• **What the exercise asks**
Locate the line containing "0 <= b -> (forall" in the material below; repeat it and every line after it, exactly as written.

• **Entries supplied**
(* Let $\mathbf F$ be an oriented edge-incidence matrix for an unweighted connected undirected graph $G=(V,\mathcal E)$ without self-loops. Then $\|\mathbf F^\dagger\|_{\max}\le1$.
   Context: For an unweighted graph the adjacency matrix $\boldsymbol\Phi$ has entries in $\{0,1\}$. An oriented edge-incidence matrix $\mathbf F\in\mathbb R^{n\times|\mathcal E|}$ has, for each edge between nodes $j$ and $k$, a column with entry $\sqrt{\Phi_{jk}}=1$ in row $j$, $-1$ in row $k$, and zeros elsewhere. $\mathbf F^\dagger$ is the Moore–Penrose pseudoinverse and $\|\cdot\|_{\max}$ the maximum absolute entry. *)

From mathcomp Require Import all_boot all_order all_algebra.
Set Implicit Arguments. Unset Strict Implicit. Unset Printing Implicit Defensive.
Import Order.TTheory GRing.Theory Num.Theory.
Local Open Scope ring_scope.

Definition simple_graph (n : nat) (e : rel 'I_n) : Prop :=
  symmetric e /\ irreflexive e.

Definition connected_graph (n : nat) (e : rel 'I_n) : Prop :=
  forall x y : 'I_n, connect e x y.

(* Column c of F is the oriented incidence vector of edge (j,k):
   entry sqrt(Phi_jk) = 1 in row j, -1 in row k, 0 elsewhere. *)
Definition col_edge (R : numDomainType) (n m : nat) (F : 'M[R]_(n, m))
  (c : 'I_m) (j k : 'I_n) : Prop :=
  F j c = 1 /\ F k c = -1 /\ (forall i, i != j -> i != k -> F i c = 0).

(* F is an oriented edge-incidence matrix of the (unweighted) graph e:
   every column is the oriented incidence vector of some edge, and every
   (undirected) edge {j,k} corresponds to exactly one column, with an
   arbitrary orientation. Hence m = |E|. *)
Definition oriented_incidence (R : numDomainType) (n m : nat) (e : rel 'I_n)
  (F : 'M[R]_(n, m)) : Prop :=
  (forall c : 'I_m, exists j k : 'I_n, e j k /\ col_edge F c j k) /\
  (forall j k : 'I_n, e j k ->
     exists! c : 'I_m, col_edge F c j k \/ col_edge F c k j).

(* X is the Moore--Penrose pseudoinverse of A (the four Penrose conditions;
   for real matrices it exists and is unique). *)
Definition is_MP_pinv (R : numDomainType) (n m : nat)
  (A : 'M[R]_(n, m)) (X : 'M[R]_(m, n)) : Prop :=
  [/\ A *m X *m A = A, X *m A *m X = X,
      (A *m X)^T = A *m X & (X *m A)^T = X *m A].

Definition mx_maxnorm (R : numDomainType) (p q : nat) (A : 'M[R]_(p, q)) : R :=
  \big[Num.max/0]_(i < p) \big[Num.max/0]_(j < q) `|A i j|.

(* Fix a vertex i and let x be column i of F^+.  Connectivity makes the
   kernel of F^T the constant vectors, so F F^+ is the centering matrix
   I - J/n and F x = e_i - 1/n.  Moreover x = F^T v for some v, i.e.
   x_c = v_a - v_b on the edge c = (a,b).  For a level set
   S = {u | t <= v_u}, the sum of (F x)_u over S equals the sum over all edges
   of x_c (1_S(a) - 1_S(b)), whose terms are all nonnegative; with
   t = max(v_a, v_b) the term of c is |x_c|.  Hence
   |x_c| <= sum over S of (e_i - 1/n) <= 1. *)

From mathcomp Require Import all_boot all_order all_algebra.
From mathcomp Require Import lra.
Set Implicit Arguments. Unset Strict Implicit. Unset Printing Implicit Defensive.
Import Order.TTheory GRing.Theory Num.Theory.
Local Open Scope ring_scope.

Section IncidenceColumn.

Variables (R : numDomainType) (n m : nat) (F : 'M[R]_(n, m)).

Lemma col_edge_neq c j k : col_edge F c j k -> j != k.
Proof.
move=> [Fj [Fk _]]; apply/eqP => jk; move: Fk; rewrite -jk Fj => /eqP.
by rewrite -subr_eq0 opprK -mulr2n pnatr_eq0.
Qed.

Lemma col_edge_sum c j k (g : 'I_n -> R) :
  col_edge F c j k -> \sum_u F u c * g u = g j - g k.
Proof.
move=> Fc; have [Fj [Fk F0]] := Fc; have jk := col_edge_neq Fc.
rewrite (bigD1 j) //= (bigD1 k) 1?eq_sym //= big1 => [|u /andP[uk uj]].
  by rewrite Fj Fk mul1r mulN1r addr0.
by rewrite F0 ?mul0r.
Qed.

Lemma col_edge_trmx_mulE p (W : 'M[R]_(n, p)) c j k i :
  col_edge F c j k -> (F^T *m W) c i = W j i - W k i.
Proof.
by move=> Fc; rewrite mxE -(col_edge_sum (W ^~ i) Fc); under eq_bigr do rewrite mxE.
Qed.

Lemma col_edge_sum_set c j k (S : {set 'I_n}) :
  col_edge F c j k -> \sum_(u in S) F u c = (j \in S)%:R - (k \in S)%:R.
Proof.
move=> Fc; rewrite -(col_edge_sum (fun u => (u \in S)%:R) Fc) big_mkcond /=.
by apply: eq_bigr => u _; case: (u \in S); rewrite ?mulr1 ?mulr0.
Qed.

Hypothesis F_col_edge : forall c, exists j k, col_edge F c j k.

Lemma sum_col_incidence_mul p (X : 'M[R]_(m, p)) i : \sum_u (F *m X) u i = 0.
Proof.
under eq_bigr do rewrite mxE; rewrite exchange_big big1 //= => c _.
have [j [k Fc]] := F_col_edge c.
have Fc0 : \sum_u F u c = 0.
  rewrite -[RHS](subrr 1) -(col_edge_sum (fun=> 1) Fc).
  by apply: eq_bigr => u _; rewrite mulr1.
by rewrite -big_distrl /= Fc0 mul0r.
Qed.

End IncidenceColumn.

Lemma oriented_incidence_col_edge (R : numDomainType) n m (e : rel 'I_n)
  (F : 'M[R]_(n, m)) :
  oriented_incidence e F -> forall c, exists j k, col_edge F c j k.
Proof. by move=> [F_col _] c; have [j [k [_ Fc]]] := F_col c; exists j, k. Qed.

Section Connected.

Variables (R : numDomainType) (n m : nat) (e : rel 'I_n) (F : 'M[R]_(n, m)).
Hypotheses (e_conn : connected_graph e) (F_inc : oriented_incidence e F).

Lemma incidence_ker_trmx_const p (W : 'M[R]_(n, p)) :
  F^T *m W = 0 -> forall a b i, W a i = W b i.
Proof.
move=> FW0 a b i.
have W_closed : closed e [pred u | W u i == W a i].
  move=> x y /(proj2 F_inc) [c [Fc _]]; rewrite !inE.
  suff -> : W x i = W y i by [].
  apply/eqP; rewrite -subr_eq0; case: Fc => Fc.
  - by rewrite -(col_edge_trmx_mulE W i Fc) FW0 mxE.
  - by rewrite -oppr_eq0 opprB -(col_edge_trmx_mulE W i Fc) FW0 mxE.
by have := closed_connect W_closed (e_conn a b); rewrite !inE eqxx => /esym/eqP.
Qed.

End Connected.

Section PseudoInverse.

Variables (R : numDomainType) (n m : nat) (A : 'M[R]_(n, m)) (X : 'M[R]_(m, n)).
Hypothesis AX : is_MP_pinv A X.

Lemma pinv_proj_trmx : A^T *m (A *m X) = A^T.
Proof. by case: AX => AXA _ AXsym _; rewrite -AXsym -trmx_mul AXA. Qed.

Lemma pinv_trmx_factor : X = A^T *m (X^T *m X).
Proof. by case: AX => _ XAX _ XAsym; rewrite -{1}XAX -XAsym trmx_mul mulmxA. Qed.

End PseudoInverse.

Definition centering_mx (R : numFieldType) (n : nat) : 'M[R]_n :=
  1%:M - n%:R^-1 *: const_mx 1.

Lemma sum_centering_mx_le1 (R : numFieldType) n (S : {set 'I_n}) i :
  \sum_(u in S) centering_mx R n u i <= 1.
Proof.
have delta_le1 : \sum_(u in S) (u == i)%:R <= 1 :> R.
  case: (boolP (i \in S)) => iS.
    by rewrite (bigD1 i) //= eqxx big1 ?addr0 // => u /andP[_ /negPf->].
  by rewrite big1 ?ler01 // => u uS; case: eqP uS => // ->; rewrite (negPf iS).
under eq_bigr do rewrite !mxE mulr1.
rewrite big_split /= sumrN sumr_const lerBlDr (le_trans delta_le1) // lerDl.
by rewrite mulrn_wge0 // invr_ge0 ler0n.
Qed.

Section IncidencePseudoInverse.

Variables (R : numFieldType) (n m : nat) (e : rel 'I_n) (F : 'M[R]_(n, m)).
Hypotheses (e_conn : connected_graph e) (F_inc : oriented_incidence e F).

Lemma incidence_pinv_proj Fp : is_MP_pinv F Fp -> F *m Fp = centering_mx R n.
Proof.
move=> FFp; set P := F *m Fp.
have ker : F^T *m (P - 1%:M) = 0 by rewrite mulmxBr pinv_proj_trmx // mulmx1 subrr.
apply/matrixP => a i.
pose kappa := P i i - 1.
have P_col u : P u i = kappa + (u == i)%:R.
  have := incidence_ker_trmx_const e_conn F_inc ker u i i.
  by rewrite /kappa !mxE eqxx => <-; rewrite subrK.
have n_neq0 : n%:R != 0 :> R by rewrite pnatr_eq0 -lt0n (leq_ltn_trans _ (ltn_ord i)).
have kappaE : kappa = - n%:R^-1.
  have := sum_col_incidence_mul (oriented_incidence_col_edge F_inc) Fp i.
  under eq_bigr do rewrite -/P P_col.
  rewrite big_split /= sumr_const card_ord (bigD1 i) //= eqxx big1 => [|u /negPf -> //].
  rewrite addr0 -[kappa *+ n]mulr_natr => /eqP; rewrite addr_eq0 => /eqP.
  by move/(congr1 (fun x => x / n%:R)); rewrite mulfK // mulN1r.
by rewrite P_col kappaE !mxE mulr1 addrC.
Qed.

End IncidencePseudoInverse.

Lemma mul_threshold_diff_ge0 (R : realDomainType) (x y t : R) :
  0 <= ((t <= x)%R%:R - (t <= y)%R%:R) * (x - y).
Proof.
by case: (lerP t x) => tx; case: (lerP t y) => ty /=;
  rewrite ?subrr ?mul0r ?subr0 ?mul1r ?sub0r ?mulN1r; lra.
Qed.

Lemma mul_threshold_diff_max (R : realDomainType) (x y : R) :
  ((Num.max x y <= x)%R%:R - (Num.max x y <= y)%R%:R) * (x - y) = `|x - y|.
Proof.
case: (ltgtP x y) => [xy | yx | ->]; last by rewrite !subrr mul0r normr0.
- by rewrite lexx leNgt xy /= sub0r mulN1r ltr0_norm ?subr_lt0.
- by rewrite lexx leNgt yx /= subr0 mul1r gtr0_norm ?subr_gt0.
Qed.

Section Coarea.

Variables (R : realDomainType) (n m : nat) (F : 'M[R]_(n, m)).
Hypothesis F_col_edge : forall c, exists j k, col_edge F c j k.

Lemma incidence_coarea p (V : 'M[R]_(n, p)) c i :
  exists S : {set 'I_n}, `|(F^T *m V) c i| <= \sum_(u in S) (F *m (F^T *m V)) u i.
Proof.
set x := F^T *m V; pose level t := [set u | t <= V u i].
have x_edge c' j k : col_edge F c' j k -> x c' i = V j i - V k i.
  exact: col_edge_trmx_mulE.
have level_term_ge0 t c' : 0 <= (\sum_(u in level t) F u c') * x c' i.
  have [j [k Fc']] := F_col_edge c'.
  by rewrite (col_edge_sum_set _ Fc') (x_edge _ _ _ Fc') !inE mul_threshold_diff_ge0.
have [a [b Fc]] := F_col_edge c.
exists (level (Num.max (V a i) (V b i))).
under eq_bigr do rewrite mxE; rewrite exchange_big /=.
under eq_bigr do rewrite -big_distrl /=.
rewrite (bigD1 c) //= -[leLHS]addr0 lerD ?sumr_ge0 //.
by rewrite (col_edge_sum_set _ Fc) (x_edge _ _ _ Fc) !inE mul_threshold_diff_max.
Qed.

End Coarea.

Lemma mx_maxnorm_le (R : numDomainType) p q (A : 'M[R]_(p, q)) (b : R) :
  0 <= b -> (forall i j, `|A i j| <= b) -> mx_maxnorm A <= b.
Proof. by move=> b_ge0 Ab; do 2![apply: bigmax_le => // ? _]. Qed.

Theorem lemmaA4 (R : realFieldType) (n m : nat) (e : rel 'I_n)
  (F : 'M[R]_(n, m)) (Fp : 'M[R]_(m, n)) :
  simple_graph e -> connected_graph e -> oriented_incidence e F ->
  is_MP_pinv F Fp ->
  mx_maxnorm Fp <= 1.
Proof.
move=> _ e_conn F_inc FFp.
apply: mx_maxnorm_le => // c i.
have [S FpS] := incidence_coarea (oriented_incidence_col_edge F_inc) (Fp^T *m Fp) c i.
rewrite -(pinv_trmx_factor FFp) (incidence_pinv_proj e_conn F_inc FFp) in FpS.
by apply: le_trans FpS _; apply: sum_centering_mx_le1.
Qed.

• **Answer to the problem**
  0 <= b -> (forall i j, `|A i j| <= b) -> mx_maxnorm A <= b.
Proof. by move=> b_ge0 Ab; do 2![apply: bigmax_le => // ? _]. Qed.

Theorem lemmaA4 (R : realFieldType) (n m : nat) (e : rel 'I_n)
  (F : 'M[R]_(n, m)) (Fp : 'M[R]_(m, n)) :
  simple_graph e -> connected_graph e -> oriented_incidence e F ->
  is_MP_pinv F Fp ->
  mx_maxnorm Fp <= 1.
Proof.
move=> _ e_conn F_inc FFp.
apply: mx_maxnorm_le => // c i.
have [S FpS] := incidence_coarea (oriented_incidence_col_edge F_inc) (Fp^T *m Fp) c i.
rewrite -(pinv_trmx_factor FFp) (incidence_pinv_proj e_conn F_inc FFp) in FpS.
by apply: le_trans FpS _; apply: sum_centering_mx_le1.
Qed.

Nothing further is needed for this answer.